> **Exercise brief**
Look over the data below and give the number of lines containing the word "choiceType", with no other words.

[Stored records]
/---
(* Let $\Bbbk$ be a field of characteristic $0$ and let $A=\Bbbk\bar Q_1$ be the path algebra of the quiver with vertices $\{1,2\}$ and arrows $t:1\to2$, $s:2\to1$, viewed as an algebra over $B=\Bbbk e_1\oplus\Bbbk e_2$. Any $B$-linear double quasi-Poisson bracket on $A$ which has degree at most $+4$ on generators must be one of the following: Case 1: $\{\!\{s,s\}\!\}=0$, $\{\!\{t,t\}\!\}=0$ and either (1.a) $\{\!\{t,s\}\!\}=\frac\delta2(st\otimes e_1-e_2\otimes ts)$ with $\delta\in\{\pm1\}$, or (1.b) $\{\!\{t,s\}\!\}=\gamma e_2\otimes e_1+\phi\,st\otimes ts+\alpha(st\otimes e_1+e_2\otimes ts)$ with $\alpha,\gamma,\phi\in\Bbbk$, $\alpha^2=\frac14+\gamma\phi$; Case 2: $\{\!\{s,s\}\!\}=0$, $\{\!\{t,t\}\!\}=\lambda(tst\otimes t-t\otimes tst)$ with $\lambda\in\Bbbk^\times$, and $\{\!\{t,s\}\!\}=\frac\delta2(st\otimes e_1-e_2\otimes ts)$ with $\delta\in\{\pm1\}$; Case 3: $\{\!\{t,t\}\!\}=0$, $\{\!\{s,s\}\!\}=\lambda(sts\otimes s-s\otimes sts)$ with $\lambda\in\Bbbk^\times$, and $\{\!\{t,s\}\!\}=\frac\delta2(st\otimes e_1-e_2\otimes ts)$ with $\delta\in\{\pm1\}$.
   Context: The path algebra is generated by $e_1,e_2,t,s$ with $e_ie_j=\delta_{ij}e_i$, $e_1+e_2=1$, $t=e_1te_2$, $s=e_2se_1$. Grade $A$ by $|s|=|t|=1$ (idempotents in degree 0) and $A\otimes A$ by total degree; ''degree at most $+4$ on generators'' means each of $\{\!\{s,s\}\!\},\{\!\{t,t\}\!\},\{\!\{t,s\}\!\}$ is a sum of homogeneous terms of degree at most $4$. $\otimes=\otimes_\Bbbk$; Sweedler notation; outer structure $x(d'\otimes d'')y=xd'\otimes d''y$. A $B$-linear double bracket is a $\Bbbk$-bilinear map $A\times A\to A\otimes A$ vanishing when an argument lies in $B$, with $\{\!\{a,b\}\!\}=-\{\!\{b,a\}\!\}''\otimes\{\!\{b,a\}\!\}'$ and $\{\!\{a,bc\}\!\}=\{\!\{a,b\}\!\}c+b\{\!\{a,c\}\!\}$. Triple bracket: $\{\!\{a,b,c\}\!\}=\{\!\{a,\{\!\{b,c\}\!\}'\}\!\}\otimes\{\!\{b,c\}\!\}''+\tau\{\!\{b,\{\!\{c,a\}\!\}'\}\!\}\otimes\{\!\{c,a\}\!\}''+\tau^2\{\!\{c,\{\!\{a,b\}\!\}'\}\!\}\otimes\{\!\{a,b\}\!\}''$, $\tau(x_1\otimes x_2\otimes x_3)=x_3\otimes x_1\otimes x_2$. Quasi-Poisson: $\{\!\{a,b,c\}\!\}=\frac14\sum_{r=1,2}(ce_ra\otimes e_rb\otimes e_r-ce_ra\otimes e_r\otimes be_r-ce_r\otimes ae_rb\otimes e_r+ce_r\otimes ae_r\otimes be_r-e_ra\otimes e_rb\otimes e_rc+e_ra\otimes e_r\otimes be_rc+e_r\otimes ae_rb\otimes e_rc-e_r\otimes ae_r\otimes be_rc)$ for all $a,b,c$. *)

From HB Require Import structures.
From mathcomp Require Import all_boot all_order all_algebra.
From mathcomp Require Import finmap monalg.
Set Implicit Arguments. Unset Strict Implicit. Unset Printing Implicit Defensive.
Import GRing.Theory.
Local Open Scope ring_scope.

Section PathAlgebra.
Variable F : fieldType.

(* A nonzero path of the quiver is determined by its starting (left) vertex
   and its length: false = vertex 1, true = vertex 2.
   (false, 0) = e1, (true, 0) = e2, (false, 1) = t, (true, 1) = s,
   (false, 2) = ts, (true, 2) = st, (false, 3) = tst, ... *)
Definition qpath := (bool * nat)%type.

(* ending (right) vertex of a path: each arrow switches vertex *)
Definition pend (p : qpath) : bool := if odd p.2 then ~~ p.1 else p.1.

(* A = kQ, with k-basis the paths; A (x) A and A (x) A (x) A over k have as
   k-bases the pairs / triples of paths. *)
Definition Alg := @malg qpath F.
Definition Alg2 := @malg (qpath * qpath)%type F.
Definition Alg3 := @malg (qpath * qpath * qpath)%type F.

Definition bilext (X Y Z : choiceType) (f : X -> Y -> (@malg Z F))
  (a : (@malg X F)) (b : (@malg Y F)) : (@malg Z F) :=
  \sum_(x <- msupp a) \sum_(y <- msupp b) (a@_x * b@_y) *: f x y.

Definition linext (X Z : choiceType) (f : X -> (@malg Z F))
  (a : (@malg X F)) : (@malg Z F) :=
  \sum_(x <- msupp a) a@_x *: f x.

(* product of paths (concatenation, left to right; zero if not composable) *)
Definition pmul (p q : qpath) : Alg :=
  if pend p == q.1 then << (p.1, (p.2 + q.2)%N) >> else 0.

Definition amul (a b : Alg) : Alg := bilext pmul a b.

Definition tens (a b : Alg) : Alg2 := bilext (fun p q => << (p, q) >>) a b.
Definition tens21 (d : Alg2) (c : Alg) : Alg3 :=
  bilext (fun pq r => << (pq.1, pq.2, r) >>) d c.
Definition tens3 (a b c : Alg) : Alg3 := tens21 (tens a b) c.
\---
> **Solution below**
2